### Problem to work on
Everything from the first line of the material below through the line containing "Lemma mx2_add a" is to be printed exactly, and nothing more.

### Provided data

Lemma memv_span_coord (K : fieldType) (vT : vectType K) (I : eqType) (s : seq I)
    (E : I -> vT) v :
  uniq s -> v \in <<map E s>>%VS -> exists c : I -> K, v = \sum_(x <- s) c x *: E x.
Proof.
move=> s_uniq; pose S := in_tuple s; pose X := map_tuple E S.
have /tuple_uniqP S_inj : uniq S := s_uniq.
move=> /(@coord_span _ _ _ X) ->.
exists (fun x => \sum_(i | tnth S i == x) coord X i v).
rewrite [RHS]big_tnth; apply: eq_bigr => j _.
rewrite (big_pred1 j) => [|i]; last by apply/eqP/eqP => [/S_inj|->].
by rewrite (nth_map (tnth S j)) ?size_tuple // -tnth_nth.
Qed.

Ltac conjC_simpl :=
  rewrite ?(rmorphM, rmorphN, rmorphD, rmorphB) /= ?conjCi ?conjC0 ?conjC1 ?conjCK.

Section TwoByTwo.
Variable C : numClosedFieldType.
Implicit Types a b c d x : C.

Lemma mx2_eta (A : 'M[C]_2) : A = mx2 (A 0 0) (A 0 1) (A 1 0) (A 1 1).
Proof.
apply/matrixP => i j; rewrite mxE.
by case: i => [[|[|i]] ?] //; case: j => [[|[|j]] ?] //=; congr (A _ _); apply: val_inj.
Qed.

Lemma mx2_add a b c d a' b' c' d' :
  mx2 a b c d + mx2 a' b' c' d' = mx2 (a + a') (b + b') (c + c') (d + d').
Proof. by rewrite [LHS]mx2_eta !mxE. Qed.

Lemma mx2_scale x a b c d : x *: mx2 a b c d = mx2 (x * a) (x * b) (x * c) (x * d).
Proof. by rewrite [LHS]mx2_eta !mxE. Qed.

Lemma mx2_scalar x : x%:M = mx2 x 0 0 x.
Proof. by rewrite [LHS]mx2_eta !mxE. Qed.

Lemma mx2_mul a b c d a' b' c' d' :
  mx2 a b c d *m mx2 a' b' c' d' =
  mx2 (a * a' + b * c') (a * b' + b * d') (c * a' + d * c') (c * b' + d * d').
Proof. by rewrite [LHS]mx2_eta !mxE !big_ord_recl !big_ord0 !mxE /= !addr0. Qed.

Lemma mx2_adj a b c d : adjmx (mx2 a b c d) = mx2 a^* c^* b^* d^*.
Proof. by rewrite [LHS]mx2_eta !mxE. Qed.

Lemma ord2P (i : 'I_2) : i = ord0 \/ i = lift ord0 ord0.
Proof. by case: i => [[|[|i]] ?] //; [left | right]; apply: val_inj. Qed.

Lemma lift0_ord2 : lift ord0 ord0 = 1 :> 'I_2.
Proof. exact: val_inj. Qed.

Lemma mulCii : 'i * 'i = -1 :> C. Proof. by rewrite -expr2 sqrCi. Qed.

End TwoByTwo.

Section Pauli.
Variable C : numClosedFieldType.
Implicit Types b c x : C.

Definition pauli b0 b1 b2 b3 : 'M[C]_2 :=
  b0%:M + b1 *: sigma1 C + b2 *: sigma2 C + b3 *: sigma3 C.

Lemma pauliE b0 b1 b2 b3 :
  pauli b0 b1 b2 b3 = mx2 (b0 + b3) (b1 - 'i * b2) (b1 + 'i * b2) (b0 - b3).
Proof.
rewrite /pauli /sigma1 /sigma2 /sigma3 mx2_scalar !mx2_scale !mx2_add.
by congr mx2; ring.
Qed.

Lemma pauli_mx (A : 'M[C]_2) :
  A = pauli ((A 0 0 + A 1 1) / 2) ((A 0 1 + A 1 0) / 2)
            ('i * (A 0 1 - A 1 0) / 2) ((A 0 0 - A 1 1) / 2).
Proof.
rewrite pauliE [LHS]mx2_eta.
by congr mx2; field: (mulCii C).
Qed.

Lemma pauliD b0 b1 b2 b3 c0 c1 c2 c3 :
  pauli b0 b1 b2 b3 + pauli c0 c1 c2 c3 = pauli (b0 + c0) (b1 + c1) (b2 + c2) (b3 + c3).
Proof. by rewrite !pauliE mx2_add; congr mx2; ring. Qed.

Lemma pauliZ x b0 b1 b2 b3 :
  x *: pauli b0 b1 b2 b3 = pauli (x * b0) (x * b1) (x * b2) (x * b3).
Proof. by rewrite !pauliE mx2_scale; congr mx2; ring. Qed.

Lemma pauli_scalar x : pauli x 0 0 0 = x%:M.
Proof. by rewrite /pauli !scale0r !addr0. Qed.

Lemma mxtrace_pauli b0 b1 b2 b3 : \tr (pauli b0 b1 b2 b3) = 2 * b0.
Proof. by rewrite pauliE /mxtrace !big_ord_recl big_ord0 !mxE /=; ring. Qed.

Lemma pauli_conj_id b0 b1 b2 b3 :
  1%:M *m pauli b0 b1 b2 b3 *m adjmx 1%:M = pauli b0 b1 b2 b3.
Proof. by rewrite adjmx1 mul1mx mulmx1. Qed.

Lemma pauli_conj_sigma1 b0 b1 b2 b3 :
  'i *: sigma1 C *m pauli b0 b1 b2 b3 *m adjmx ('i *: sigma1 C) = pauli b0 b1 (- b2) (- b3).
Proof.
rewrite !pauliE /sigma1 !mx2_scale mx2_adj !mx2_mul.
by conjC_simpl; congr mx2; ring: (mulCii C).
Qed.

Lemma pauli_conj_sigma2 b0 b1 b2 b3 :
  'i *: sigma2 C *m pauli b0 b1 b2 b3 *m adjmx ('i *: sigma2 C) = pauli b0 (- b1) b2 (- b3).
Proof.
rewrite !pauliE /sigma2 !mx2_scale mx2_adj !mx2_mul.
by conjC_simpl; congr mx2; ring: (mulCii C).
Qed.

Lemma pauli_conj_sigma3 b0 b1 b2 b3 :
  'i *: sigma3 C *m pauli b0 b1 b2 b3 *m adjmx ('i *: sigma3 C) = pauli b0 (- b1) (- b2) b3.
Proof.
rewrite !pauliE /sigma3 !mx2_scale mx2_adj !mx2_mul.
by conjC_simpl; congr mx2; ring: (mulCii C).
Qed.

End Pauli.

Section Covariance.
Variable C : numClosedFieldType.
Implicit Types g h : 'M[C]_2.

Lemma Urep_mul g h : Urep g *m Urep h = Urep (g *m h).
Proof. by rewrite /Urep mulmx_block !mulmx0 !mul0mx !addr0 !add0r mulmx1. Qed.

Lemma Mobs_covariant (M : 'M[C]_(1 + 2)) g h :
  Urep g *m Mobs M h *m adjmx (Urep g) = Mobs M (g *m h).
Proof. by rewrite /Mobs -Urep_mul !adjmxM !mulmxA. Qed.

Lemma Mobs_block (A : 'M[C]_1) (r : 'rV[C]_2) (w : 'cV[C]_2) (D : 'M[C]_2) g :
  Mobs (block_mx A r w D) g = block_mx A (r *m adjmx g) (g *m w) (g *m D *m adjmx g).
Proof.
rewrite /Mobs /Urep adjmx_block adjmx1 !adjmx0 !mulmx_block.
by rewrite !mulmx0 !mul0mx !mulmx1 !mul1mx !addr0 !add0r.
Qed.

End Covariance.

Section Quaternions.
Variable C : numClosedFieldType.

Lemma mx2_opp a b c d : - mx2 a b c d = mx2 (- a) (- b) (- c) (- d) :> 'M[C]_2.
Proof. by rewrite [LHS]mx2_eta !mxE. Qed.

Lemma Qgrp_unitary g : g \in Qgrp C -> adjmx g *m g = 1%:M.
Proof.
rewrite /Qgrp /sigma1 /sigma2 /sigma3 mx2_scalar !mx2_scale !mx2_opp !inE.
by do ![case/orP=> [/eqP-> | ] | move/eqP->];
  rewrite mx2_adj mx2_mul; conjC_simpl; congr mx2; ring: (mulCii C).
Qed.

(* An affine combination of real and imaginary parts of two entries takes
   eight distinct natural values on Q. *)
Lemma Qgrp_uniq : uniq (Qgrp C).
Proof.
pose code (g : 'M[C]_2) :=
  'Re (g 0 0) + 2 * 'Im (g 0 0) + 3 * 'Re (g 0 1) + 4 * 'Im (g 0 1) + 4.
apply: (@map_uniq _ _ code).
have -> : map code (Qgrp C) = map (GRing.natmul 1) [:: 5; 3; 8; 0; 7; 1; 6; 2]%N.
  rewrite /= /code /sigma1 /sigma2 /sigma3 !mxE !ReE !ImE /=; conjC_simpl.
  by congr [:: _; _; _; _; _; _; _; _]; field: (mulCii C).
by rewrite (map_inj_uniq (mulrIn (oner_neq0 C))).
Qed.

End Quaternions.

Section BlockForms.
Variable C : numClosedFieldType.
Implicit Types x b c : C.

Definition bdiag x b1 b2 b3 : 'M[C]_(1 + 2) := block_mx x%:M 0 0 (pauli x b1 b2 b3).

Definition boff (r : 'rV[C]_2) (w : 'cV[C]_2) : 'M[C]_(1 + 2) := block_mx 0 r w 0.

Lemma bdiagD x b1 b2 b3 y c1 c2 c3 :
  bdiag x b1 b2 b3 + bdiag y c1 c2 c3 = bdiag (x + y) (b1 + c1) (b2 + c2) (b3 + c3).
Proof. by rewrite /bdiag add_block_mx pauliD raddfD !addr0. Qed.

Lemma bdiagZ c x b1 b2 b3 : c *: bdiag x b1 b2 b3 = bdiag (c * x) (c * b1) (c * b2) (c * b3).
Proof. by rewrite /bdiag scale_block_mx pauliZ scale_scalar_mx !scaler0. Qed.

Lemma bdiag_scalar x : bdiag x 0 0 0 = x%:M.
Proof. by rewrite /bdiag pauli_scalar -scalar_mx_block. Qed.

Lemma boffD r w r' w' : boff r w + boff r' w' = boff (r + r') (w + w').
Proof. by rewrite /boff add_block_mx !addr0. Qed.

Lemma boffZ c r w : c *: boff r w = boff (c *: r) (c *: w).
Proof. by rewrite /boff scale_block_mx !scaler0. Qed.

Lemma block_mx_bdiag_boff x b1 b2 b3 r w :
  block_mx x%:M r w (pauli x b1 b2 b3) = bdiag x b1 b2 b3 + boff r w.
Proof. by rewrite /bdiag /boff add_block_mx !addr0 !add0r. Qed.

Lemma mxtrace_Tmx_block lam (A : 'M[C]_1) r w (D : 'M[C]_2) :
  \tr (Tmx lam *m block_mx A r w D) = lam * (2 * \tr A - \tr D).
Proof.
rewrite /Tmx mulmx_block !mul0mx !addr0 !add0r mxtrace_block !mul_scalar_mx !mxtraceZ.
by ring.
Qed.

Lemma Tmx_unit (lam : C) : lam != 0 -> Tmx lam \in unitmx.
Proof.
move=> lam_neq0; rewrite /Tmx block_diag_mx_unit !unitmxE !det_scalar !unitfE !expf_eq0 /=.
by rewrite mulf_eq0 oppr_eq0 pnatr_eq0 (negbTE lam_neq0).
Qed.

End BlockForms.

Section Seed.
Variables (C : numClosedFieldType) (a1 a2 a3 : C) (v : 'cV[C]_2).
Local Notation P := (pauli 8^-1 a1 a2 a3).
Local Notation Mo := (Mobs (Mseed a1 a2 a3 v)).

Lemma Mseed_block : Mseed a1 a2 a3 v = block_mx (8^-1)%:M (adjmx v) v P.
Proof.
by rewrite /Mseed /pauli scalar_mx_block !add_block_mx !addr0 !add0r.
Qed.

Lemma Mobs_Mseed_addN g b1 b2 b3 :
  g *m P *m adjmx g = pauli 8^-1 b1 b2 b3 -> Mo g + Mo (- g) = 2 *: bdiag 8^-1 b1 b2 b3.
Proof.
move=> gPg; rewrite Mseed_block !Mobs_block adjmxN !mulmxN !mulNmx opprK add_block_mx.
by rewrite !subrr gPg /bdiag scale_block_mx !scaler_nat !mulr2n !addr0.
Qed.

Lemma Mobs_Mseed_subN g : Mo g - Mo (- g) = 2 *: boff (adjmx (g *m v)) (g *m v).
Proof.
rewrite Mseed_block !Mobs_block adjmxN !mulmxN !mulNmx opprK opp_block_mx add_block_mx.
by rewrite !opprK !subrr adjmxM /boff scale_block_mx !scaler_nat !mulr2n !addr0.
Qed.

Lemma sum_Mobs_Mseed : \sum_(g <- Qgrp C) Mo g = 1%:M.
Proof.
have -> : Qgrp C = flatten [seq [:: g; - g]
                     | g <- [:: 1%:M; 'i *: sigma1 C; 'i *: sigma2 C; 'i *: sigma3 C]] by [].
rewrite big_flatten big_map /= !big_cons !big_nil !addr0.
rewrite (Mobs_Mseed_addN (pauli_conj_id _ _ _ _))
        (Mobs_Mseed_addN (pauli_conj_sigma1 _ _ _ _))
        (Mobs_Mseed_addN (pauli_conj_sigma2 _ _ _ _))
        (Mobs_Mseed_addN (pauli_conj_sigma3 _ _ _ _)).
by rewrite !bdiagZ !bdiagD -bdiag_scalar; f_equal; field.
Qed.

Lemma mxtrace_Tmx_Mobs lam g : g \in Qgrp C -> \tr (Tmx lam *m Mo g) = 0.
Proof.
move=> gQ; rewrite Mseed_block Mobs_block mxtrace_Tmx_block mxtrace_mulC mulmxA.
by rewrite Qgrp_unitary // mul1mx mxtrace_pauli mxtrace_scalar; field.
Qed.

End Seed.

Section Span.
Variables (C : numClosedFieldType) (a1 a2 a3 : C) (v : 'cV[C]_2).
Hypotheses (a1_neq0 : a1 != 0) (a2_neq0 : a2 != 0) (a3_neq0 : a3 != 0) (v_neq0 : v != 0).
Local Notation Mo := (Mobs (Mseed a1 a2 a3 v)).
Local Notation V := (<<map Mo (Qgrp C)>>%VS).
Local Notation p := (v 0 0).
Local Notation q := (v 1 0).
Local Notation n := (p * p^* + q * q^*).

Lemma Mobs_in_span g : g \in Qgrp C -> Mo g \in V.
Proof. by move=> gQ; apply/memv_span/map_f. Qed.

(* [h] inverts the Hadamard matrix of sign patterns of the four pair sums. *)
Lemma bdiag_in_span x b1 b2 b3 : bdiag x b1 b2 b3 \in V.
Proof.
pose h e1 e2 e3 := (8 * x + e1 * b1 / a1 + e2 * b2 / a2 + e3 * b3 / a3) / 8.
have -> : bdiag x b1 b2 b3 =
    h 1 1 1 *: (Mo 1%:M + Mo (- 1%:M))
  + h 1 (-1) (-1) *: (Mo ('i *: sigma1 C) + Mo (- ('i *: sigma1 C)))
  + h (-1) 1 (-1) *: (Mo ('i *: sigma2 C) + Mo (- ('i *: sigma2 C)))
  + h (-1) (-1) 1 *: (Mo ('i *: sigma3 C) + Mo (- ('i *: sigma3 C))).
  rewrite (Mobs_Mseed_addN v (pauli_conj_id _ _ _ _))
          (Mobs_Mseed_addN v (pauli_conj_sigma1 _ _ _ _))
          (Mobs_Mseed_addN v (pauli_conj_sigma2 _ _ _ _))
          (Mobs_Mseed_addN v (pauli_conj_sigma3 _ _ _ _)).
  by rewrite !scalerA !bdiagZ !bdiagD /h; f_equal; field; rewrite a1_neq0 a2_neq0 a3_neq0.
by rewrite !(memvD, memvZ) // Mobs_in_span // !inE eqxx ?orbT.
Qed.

### Answer space
Lemma memv_span_coord (K : fieldType) (vT : vectType K) (I : eqType) (s : seq I)
    (E : I -> vT) v :
  uniq s -> v \in <<map E s>>%VS -> exists c : I -> K, v = \sum_(x <- s) c x *: E x.
Proof.
move=> s_uniq; pose S := in_tuple s; pose X := map_tuple E S.
have /tuple_uniqP S_inj : uniq S := s_uniq.
move=> /(@coord_span _ _ _ X) ->.
exists (fun x => \sum_(i | tnth S i == x) coord X i v).
rewrite [RHS]big_tnth; apply: eq_bigr => j _.
rewrite (big_pred1 j) => [|i]; last by apply/eqP/eqP => [/S_inj|->].
by rewrite (nth_map (tnth S j)) ?size_tuple // -tnth_nth.
Qed.

Ltac conjC_simpl :=
  rewrite ?(rmorphM, rmorphN, rmorphD, rmorphB) /= ?conjCi ?conjC0 ?conjC1 ?conjCK.

Section TwoByTwo.
Variable C : numClosedFieldType.
Implicit Types a b c d x : C.

Lemma mx2_eta (A : 'M[C]_2) : A = mx2 (A 0 0) (A 0 1) (A 1 0) (A 1 1).
Proof.
apply/matrixP => i j; rewrite mxE.
by case: i => [[|[|i]] ?] //; case: j => [[|[|j]] ?] //=; congr (A _ _); apply: val_inj.
Qed.

Lemma mx2_add a b c d a' b' c' d' :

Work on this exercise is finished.